Lex Cordis Caritas - The law of the heart is Love

June 25, 2017

Reflecting on the importance of religious freedom

by Bishop Thomas John Paprocki
For the sixth year in a row, the Catholic Church in the United States will observe a “Fortnight for Freedom” from June 21 to July 4, Independence Day. This two-week period, which is called a fortnight, is a time when our liturgical calendar celebrates a series of great martyrs who remained faithful in the face of persecution by political power, including St. Thomas More and St. John Fisher, St. John the Baptist, Saints Peter and Paul and the First Martyrs of the church of Rome. The purpose of this effort is to issue a nationwide call to defend religious liberty and to urge efforts to protect the first freedom of the Bill of Rights.
Series:Lex Cordis Caritas - The law of the heart is Love
Duration:5 mins 14 secs

My dear brothers and sisters in Christ,

For the sixth year in a row, the Catholic Church in the United States will observe a “Fortnight for Freedom” from June 21 to July 4, Independence Day. This two-week period, which is called a fortnight, is a time when our liturgical calendar celebrates a series of great martyrs who remained faithful in the face of persecution by political power, including St. Thomas More and St. John Fisher, St. John the Baptist, Saints Peter and Paul and the First Martyrs of the church of Rome. The purpose of this effort is to issue a nationwide call to defend religious liberty and to urge efforts to protect the first freedom of the Bill of Rights.

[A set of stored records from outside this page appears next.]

(* For every integer $n\ge 9$, $\mathrm{wdim}_4(K_n\times K_n)\le 2n+1+\lfloor n/4\rfloor$.
   Context: $K_n\times K_n$ is the direct product of two complete graphs on $n$ vertices: vertex set $[n]\times[n]$ with $[n]=\{1,\dots,n\}$, and $(i,j)$ adjacent to $(i',j')$ iff $i\ne i'$ and $j\ne j'$. For a connected graph $G$ with distance $d_G$, vertices $x,y,z$ and $S\subseteq V(G)$, let $\Delta_z(x,y)=|d_G(x,z)-d_G(y,z)|$ and $\Delta_S(x,y)=\sum_{z\in S}\Delta_z(x,y)$. A set $S$ is a weak $k$-resolving set if $\Delta_S(x,y)\ge k$ for all distinct $x,y\in V(G)$, and $\mathrm{wdim}_k(G)$ is the minimum cardinality of a weak $k$-resolving set of $G$. *)

From mathcomp Require Import all_boot.
Set Implicit Arguments. Unset Strict Implicit. Unset Printing Implicit Defensive.

Section Graph.
Variable T : finType.
Variable e : rel T.

Fixpoint walkb (k : nat) (x y : T) : bool :=
  if k is k'.+1 then (x == y) || [exists z, e x z && walkb k' z y]
  else x == y.

(* graph distance: least k with a walk of length <= k from x to y.
   For a connected graph this is attained for some k < #|T|; the default
   #|T| is only used for disconnected pairs. *)
Definition gdist (x y : T) : nat :=
  \big[minn/#|T|]_(k < #|T| | walkb k x y) (k : nat).

Definition absdiff (a b : nat) : nat := if a <= b then b - a else a - b.

Definition Delta_z (z x y : T) : nat := absdiff (gdist x z) (gdist y z).

Definition Delta_S (S : {set T}) (x y : T) : nat := \sum_(z in S) Delta_z z x y.

Definition weak_resolving (k : nat) (S : {set T}) : bool :=
  [forall x, forall y, (x != y) ==> (k <= Delta_S S x y)].

(* minimum cardinality of a weak k-resolving set (default #|T|.+1 if none exists) *)
Definition wdim (k : nat) : nat :=
  \big[minn/#|T|.+1]_(S : {set T} | weak_resolving k S) #|S|.
End Graph.

Definition KnKn_adj (n : nat) : rel ('I_n * 'I_n) :=
  fun x y => (x.1 != y.1) && (x.2 != y.2).

From mathcomp Require Import all_boot zify.

(* In K_n × K_n (n >= 3) the distance from z to x is 0, 1 or 2 and depends only on whether
   z shares the row and/or the column of x.  Summing the resulting pointwise bounds over S
   shows that S is weak 4-resolving as soon as every row and every column meets S at least
   twice and, whenever S contains three corners (i, j), (i, l), (k, j) of a rectangle, the
   four lines of the rectangle meet S at least 9 + [(k, l) ∈ S] times.  These conditions
   are local to diagonal blocks, so one may stack patterns along the diagonal: n/4 - 1
   copies of a 9-point pattern on a 4 × 4 block, then one pattern with at most 2s + 2
   points on an s × s block, s = 4 + n mod 4.  This gives
   9 (n/4 - 1) + 2s + 2 = 2n + 1 + n/4 points. *)

Set Implicit Arguments. Unset Strict Implicit. Unset Printing Implicit Defensive.

Lemma bigmin_le (I : finType) (P : pred I) (F : I -> nat) N i :
  P i -> \big[minn/N]_(j | P j) F j <= F i.
Proof.
move=> Pi; elim: (index_enum I) (mem_index_enum i) => [//|j r IHr].
rewrite big_cons inE => /predU1P [<-|/IHr le_i]; first by rewrite Pi geq_minl.
by case: (P j) => //; apply: leq_trans (geq_minr _ _) le_i.
Qed.

Section GraphDistance.
Variables (T : finType) (e : rel T).

Lemma walkb1 x y : walkb e 1 x y = (x == y) || e x y.
Proof.
rewrite /=; congr (_ || _); apply/existsP/idP => [[z /andP [exz /eqP <-]] //|exy].
by exists y; rewrite exy eqxx.
Qed.

Lemma gdist_eq x y d : d < #|T| -> walkb e d x y ->
  (forall k, k < d -> ~~ walkb e k x y) -> gdist e x y = d.
Proof.
move=> ltdT walk_d no_shorter; apply/eqP; rewrite eqn_leq; apply/andP; split.
  exact: (bigmin_le (fun k : 'I_#|T| => k : nat) _ (i := Ordinal ltdT)).
apply: (big_ind (leq d)) => [|a b da db|k walk_k]; first exact: ltnW.
  by rewrite leq_min da db.
by rewrite leqNgt; apply: contraL walk_k => /no_shorter.
Qed.

Lemma wdim_le k S : weak_resolving e k S -> wdim e k <= #|S|.
Proof. exact: bigmin_le. Qed.

End GraphDistance.

Lemma sum_eq_in (T : finType) (S : {set T}) x : \sum_(z in S) (z == x : nat) = (x \in S).
Proof.
have [xS|xNS] := boolP (x \in S).
  by rewrite (bigD1 x) //= eqxx big1 // => z /andP [_ /negbTE ->].
by rewrite big1 // => z zS; apply/eqP; rewrite eqb0; apply: contraNneq xNS => <-.
Qed.

Lemma sum_mul_eq (I : finType) (F : I -> nat) i : \sum_a F a * (a == i) = F i.
Proof.
by rewrite (bigD1 i) //= eqxx muln1 big1 ?addn0 // => a /negbTE ->; rewrite muln0.
Qed.

Lemma count_iota_sum (p : pred nat) s : count p (iota 0 s) = \sum_(j < s) p j.
Proof.
by rewrite -sum1_count big_mkcond -(big_mkord xpredT (fun j => p j : nat)) /index_iota subn0.
Qed.

Lemma eq_both_neq (T : eqType) (x y z : T) : y != z -> ~~ ((x == y) && (x == z)).
Proof. by apply: contraNN => /andP [/eqP <- /eqP <-]. Qed.

Section Patterns.
Implicit Types (P Q B R : rel nat) (s a b q u v w x : nat).

(* A pattern on an [s × s] block is a relation on [nat] of which only [[0, s) × [0, s)] is
   ever inspected. *)
Definition pattern_row P s u : nat := count (P u) (iota 0 s).
Definition pattern_col P s v : nat := count (P^~ v) (iota 0 s).
Definition pattern_size P s : nat := \sum_(0 <= u < s) pattern_row P s u.

Definition corner_bound P s u w v x : bool :=
  9 + P w x <= pattern_row P s u + pattern_row P s w + pattern_col P s v + pattern_col P s x.

Definition good_pattern s P : Prop :=
  [/\ forall u, u < s -> 2 <= pattern_row P s u,
      forall v, v < s -> 2 <= pattern_col P s v &
      forall u w v x, u < s -> w < s -> v < s -> x < s -> u != w -> v != x ->
        P u v -> P u x -> P w v -> corner_bound P s u w v x].

Definition good_patternb s P : bool :=
  let I := iota 0 s in
  [&& all (fun u => 2 <= pattern_row P s u) I, all (fun v => 2 <= pattern_col P s v) I &
      all (fun u => all (fun w => all (fun v => all (fun x =>
        [==> u != w, v != x, P u v, P u x, P w v => corner_bound P s u w v x]) I) I) I) I].

Lemma good_patternP s P : good_patternb s P -> good_pattern s P.
Proof.
case/and3P => /allP rows /allP cols /allP corners; split.
- by move=> u us; apply: rows; rewrite mem_iota.
- by move=> v vs; apply: cols; rewrite mem_iota.
move=> u w v x us ws vs xs uw vx Puv Pux Pwv.
have mem y : y < s -> y \in iota 0 s by rewrite mem_iota.
move: (corners u (mem u us)) => /allP /(_ w (mem w ws)) /allP /(_ v (mem v vs)).
by move=> /allP /(_ x (mem x xs)); rewrite uw vx Puv Pux Pwv.
Qed.

Definition diag_sum a P Q : rel nat :=
  fun u v => if u < a then (v < a) && P u v else (a <= v) && Q (u - a) (v - a).

Lemma count_iota_add (p q r : pred nat) a b :
  {in iota 0 a, p =1 q} -> {in iota 0 b, p \o addn a =1 r} ->
  count p (iota 0 (a + b)) = count q (iota 0 a) + count r (iota 0 b).
Proof.
move=> pq pr; rewrite iotaD count_cat (eq_in_count pq) add0n -(addn0 a) iotaDl addn0.
by rewrite count_map (eq_in_count pr).
Qed.

Lemma pattern_row_diag_sum a b P Q u :
  pattern_row (diag_sum a P Q) (a + b) u =
  if u < a then pattern_row P a u else pattern_row Q b (u - a).
Proof.
rewrite /pattern_row /diag_sum; case: ifP => ua.
  rewrite (@count_iota_add _ (P u) pred0) ?count_pred0 ?addn0 // => v.
    by rewrite mem_iota add0n => /andP [_ ->].
  by rewrite /= ltnNge leq_addr.
rewrite (@count_iota_add _ pred0 (Q (u - a))) ?count_pred0 // => v.
  by rewrite mem_iota add0n => /andP [_ va]; rewrite leqNgt va.
by rewrite /= leq_addr addKn.
Qed.
(* Let $M$ be a finite generic metric space and let $0<r<\min\{s(M)/4,\ e(M)/4,\ t(M)/6\}$. Then the sphere $\{Y\in\mathcal{M}: d_{GH}(M,Y)=r\}$ in $\mathcal{M}$ is path connected (as a subspace of the metric space $(\mathcal{M},d_{GH})$).
   Context: For a metric space $M$ with $\#M\ge3$: $s(M)=\inf\{|xx'|: x\ne x'\}$; $t(M)=\inf\{|xx'|+|x'x''|-|xx''|: x,x',x''\text{ pairwise distinct}\}$; $e(M)=\inf\{\operatorname{dis}f: f\colon M\to M \text{ bijective}, f\ne\mathrm{id}\}$, where $\operatorname{dis}f=\sup_{x,x'}||xx'|-|f(x)f(x')||$. $M$ is called generic if $\#M\ge3$ and $s(M),t(M),e(M)$ are all positive. $\mathcal{M}$ denotes the set of isometry classes of compact metric spaces endowed with the Gromov–Hausdorff distance $d_{GH}$ (a metric on $\mathcal{M}$): $d_{GH}(X,Y)$ is the infimum of $r$ such that there exist a metric space $Z$ and subsets $X',Y'\subset Z$ isometric to $X,Y$ with Hausdorff distance $d_H(X',Y')\le r$. *)

From Stdlib Require Import Reals List.
From Coquelicot Require Import Coquelicot.
Open Scope R_scope.

Record MetricSpace := {
  carrier :> Type;
  dist : carrier -> carrier -> R;
  dist_eq0 : forall x y, dist x y = 0 <-> x = y;
  dist_sym : forall x y, dist x y = dist y x;
  dist_tri : forall x y z, dist x z <= dist x y + dist y z
}.
Arguments dist {m} x y.

(** Sequential compactness (equivalent to compactness for metric spaces). *)
Definition compact_space (X : MetricSpace) : Prop :=
  forall u : nat -> X, exists (phi : nat -> nat) (x : X),
    (forall n, (phi n < phi (S n))%nat) /\
    (forall eps, 0 < eps -> exists N, forall n, (N <= n)%nat ->
        dist (u (phi n)) x < eps).

(** Elements of the Gromov–Hausdorff space: nonempty compact metric spaces. *)
Definition compact_metric_space (X : MetricSpace) : Prop :=
  inhabited X /\ compact_space X.

Definition finite_space (X : MetricSpace) : Prop :=
  exists l : list X, NoDup l /\ forall x : X, In x l.

Definition isometric_embedding {X Z : MetricSpace} (f : X -> Z) : Prop :=
  forall x x', dist (f x) (f x') = dist x x'.

(** d_H(A,B) <= r for subsets A, B of Z
    (i.e. inf { r | A ⊂ U_r(B), B ⊂ U_r(A)} <= r). *)
Definition hausdorff_le (Z : MetricSpace) (A B : Z -> Prop) (r : R) : Prop :=
  (forall a, A a -> forall eps, 0 < eps -> exists b, B b /\ dist a b < r + eps) /\
  (forall b, B b -> forall eps, 0 < eps -> exists a, A a /\ dist b a < r + eps).

Definition dGH (X Y : MetricSpace) : Rbar :=
  Glb_Rbar (fun r => exists (Z : MetricSpace) (f : X -> Z) (g : Y -> Z),
    isometric_embedding f /\ isometric_embedding g /\
    hausdorff_le Z (fun z => exists x, z = f x) (fun z => exists y, z = g y) r).

Definition sM (M : MetricSpace) : Rbar :=
  Glb_Rbar (fun v => exists x x' : M, x <> x' /\ v = dist x x').

Definition tM (M : MetricSpace) : Rbar :=
  Glb_Rbar (fun v => exists x x' x'' : M, x <> x' /\ x' <> x'' /\ x <> x'' /\
     v = dist x x' + dist x' x'' - dist x x'').

Definition dis {M : MetricSpace} (f : M -> M) : Rbar :=
  Lub_Rbar (fun v => exists x x' : M, v = Rabs (dist x x' - dist (f x) (f x'))).

Definition eM (M : MetricSpace) : Rbar :=
  Glb_Rbar (fun v => exists f : M -> M,
     (forall x y, f x = f y -> x = y) /\ (forall y, exists x, f x = y) /\
     (exists x, f x <> x) /\ dis f = Finite v).

Definition at_least_three (M : MetricSpace) : Prop :=
  exists x x' x'' : M, x <> x' /\ x' <> x'' /\ x <> x''.

Definition generic (M : MetricSpace) : Prop :=
  at_least_three M /\ Rbar_lt 0 (sM M) /\ Rbar_lt 0 (tM M) /\ Rbar_lt 0 (eM M).

(** Points of the
    quotient are represented by representatives; equality in the quotient
    is d_GH = 0. *)
Definition gh_sphere (M : MetricSpace) (r : R) (Y : MetricSpace) : Prop :=
  compact_metric_space Y /\ dGH M Y = Finite r.

Definition gh_path_connected (S : MetricSpace -> Prop) : Prop :=
  forall X Y : MetricSpace, S X -> S Y ->
  exists gamma : R -> MetricSpace,
    (forall t, 0 <= t <= 1 -> S (gamma t)) /\
    (forall t, 0 <= t <= 1 -> forall eps, 0 < eps -> exists delta, 0 < delta /\
       forall s, 0 <= s <= 1 -> Rabs (s - t) < delta ->
         Rbar_lt (dGH (gamma s) (gamma t)) (Finite eps)) /\
    dGH (gamma 0) X = Finite 0 /\ dGH (gamma 1) Y = Finite 0.

(** Because s(M) and e(M) exceed 4r, every compact Y with d_GH(M,Y) = r carries a
    surjection c : Y -> M of distortion at most 2r: an almost optimal correspondence is the
    graph of such a map, and any two such maps agree, since comparing them yields a
    bijection of M of distortion below e(M), i.e. the identity.

    Fix p in M and y0 in Y with c y0 = p. Adjoin to Y a point at distance max(l, |y0 y|)
    from each y, let l grow from 0 to 2r, then move the metric of Y linearly towards
    |c y c y'|. The limit no longer depends on Y: it is M with a point at distance
    max(2r, |p m|) from m. All along, d_GH to M stays r: at most r because c, extended by
    sending the new point to p, is still a correspondence of distortion 2r; at least r
    because deleting the new point gives back Y in the first phase, while in the second the
    new point and y0 are exactly 2r apart, which no correspondence of distortion below 2r
    with the 4r-separated space M can accommodate. Joining the deformations of X and Y
    gives a path from X to Y. *)

From Stdlib Require Import Reals Lra Lia Classical ClassicalEpsilon List FinFun.
From Coquelicot Require Import Coquelicot.
Open Scope R_scope.

Lemma dist_refl (X : MetricSpace) (x : X) : dist x x = 0.
Proof. now apply dist_eq0. Qed.

Lemma dist_ge0 (X : MetricSpace) (x y : X) : 0 <= dist x y.
Proof.
  pose proof (dist_tri X x y x) as H.
  rewrite dist_refl, (dist_sym X y x) in H. lra.
Qed.

Section GlbRbar.
Variable E : R -> Prop.

Lemma Glb_Rbar_le_elt x : E x -> Rbar_le (Glb_Rbar E) (Finite x).
Proof. apply (Glb_Rbar_correct E). Qed.

Lemma Glb_Rbar_ge a : (forall x, E x -> a <= x) -> Rbar_le (Finite a) (Glb_Rbar E).
Proof. intros H. apply (Glb_Rbar_correct E). exact H. Qed.

Lemma Glb_Rbar_approx l : Glb_Rbar E = Finite l ->
  forall eps, 0 < eps -> exists x, E x /\ x < l + eps.
Proof.
  intros Hl eps Heps. apply NNPP; intros Hno.
  assert (Hge : Rbar_le (Finite (l + eps)) (Glb_Rbar E)).
  { apply Glb_Rbar_ge. intros x Hx. apply Rnot_lt_le. intros Hlt. apply Hno. now exists x. }
  rewrite Hl in Hge. simpl in Hge. lra.
Qed.

Lemma Glb_Rbar_finite x0 m : E x0 -> (forall x, E x -> m <= x) ->
  Glb_Rbar E = Finite (real (Glb_Rbar E)).
Proof.
  intros Hx0 Hm. pose proof (Glb_Rbar_le_elt x0 Hx0) as Hup.
  pose proof (Glb_Rbar_ge m Hm) as Hlow.
  destruct (Glb_Rbar E); simpl in *; easy.
Qed.

Lemma Finite_lt_Glb_Rbar a : Rbar_lt (Finite a) (Glb_Rbar E) ->
  exists b, a < b /\ forall x, E x -> b <= x.
Proof.
  intros Ha. destruct (Glb_Rbar E) as [l | |] eqn:Hl; simpl in Ha; try easy.
  - exists l. split; [exact Ha|]. intros x Hx.
    pose proof (Glb_Rbar_le_elt x Hx) as H. now rewrite Hl in H.
  - exists (a + 1). split; [lra|]. intros x Hx.
    pose proof (Glb_Rbar_le_elt x Hx) as H. now rewrite Hl in H.
Qed.
End GlbRbar.

Lemma Lub_Rbar_bounded (E : R -> Prop) x0 k : E x0 -> (forall x, E x -> x <= k) ->
  exists v, Lub_Rbar E = Finite v /\ v <= k.
Proof.
  intros Hx0 Hk. destruct (Lub_Rbar_correct E) as [Hub Hleast].
  pose proof (Hub x0 Hx0) as Hlow. pose proof (Hleast (Finite k) Hk) as Hup.
  destruct (Lub_Rbar E) as [v| |]; simpl in *; try easy. now exists v.
Qed.

(** * Gromov-Hausdorff distance through correspondences *)

Definition GH_bound (X Y : MetricSpace) (rho : R) : Prop :=
  exists (Z : MetricSpace) (f : X -> Z) (g : Y -> Z),
    isometric_embedding f /\ isometric_embedding g /\
    hausdorff_le Z (fun z => exists x, z = f x) (fun z => exists y, z = g y) rho.

Lemma dGH_GH_bound (X Y : MetricSpace) : dGH X Y = Glb_Rbar (GH_bound X Y).
Proof. reflexivity. Qed.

The theme of this year’s Fortnight is “Freedom for Mission.” In past years, people have participated in the Fortnight in diverse ways, including interfaith prayer services, special Masses and holy hours, and public events where speakers have highlighted the various threats to religious liberty, including at home and abroad. This year, we encourage Christians to use these two weeks to reflect on the importance of religious freedom so that the church might have space to carry out her mission of service and mercy. We also invite Christians to pray for our brothers and sisters who face intense persecution in other parts of the world.

In this time of increasing polarization in our culture, our Catholic tradition has much to offer in the conversation on how Americans can promote civility and the common good. We can speak with friends and neighbors about religious freedom in a way that respects all people and work to clear up misconceptions about it.

Religious freedom is a fundamental right. It means that the government cannot coerce people into acting against their consciences. This is important for all people, not just people of faith. A government that makes one group choose obedience to the state over obedience to faith and conscience can force any group to submit to the state’s demands. Religious freedom underlies all other freedoms for everyone.

People of faith need religious freedom to have the space to serve others. A good example involves the Little Sisters of the Poor, who live out their Christian faith by serving the elderly poor. These women have had to seek legal protection from a federal regulation requiring them to facilitate access to contraceptives, including abortion-inducing drugs and devices. Right here in Illinois as well as other parts of the country, our Catholic Charities programs have been forced to end our adoption and foster care services because we would not give in to the state’s demands that we violate our religious objections by placing children with same-sex couples.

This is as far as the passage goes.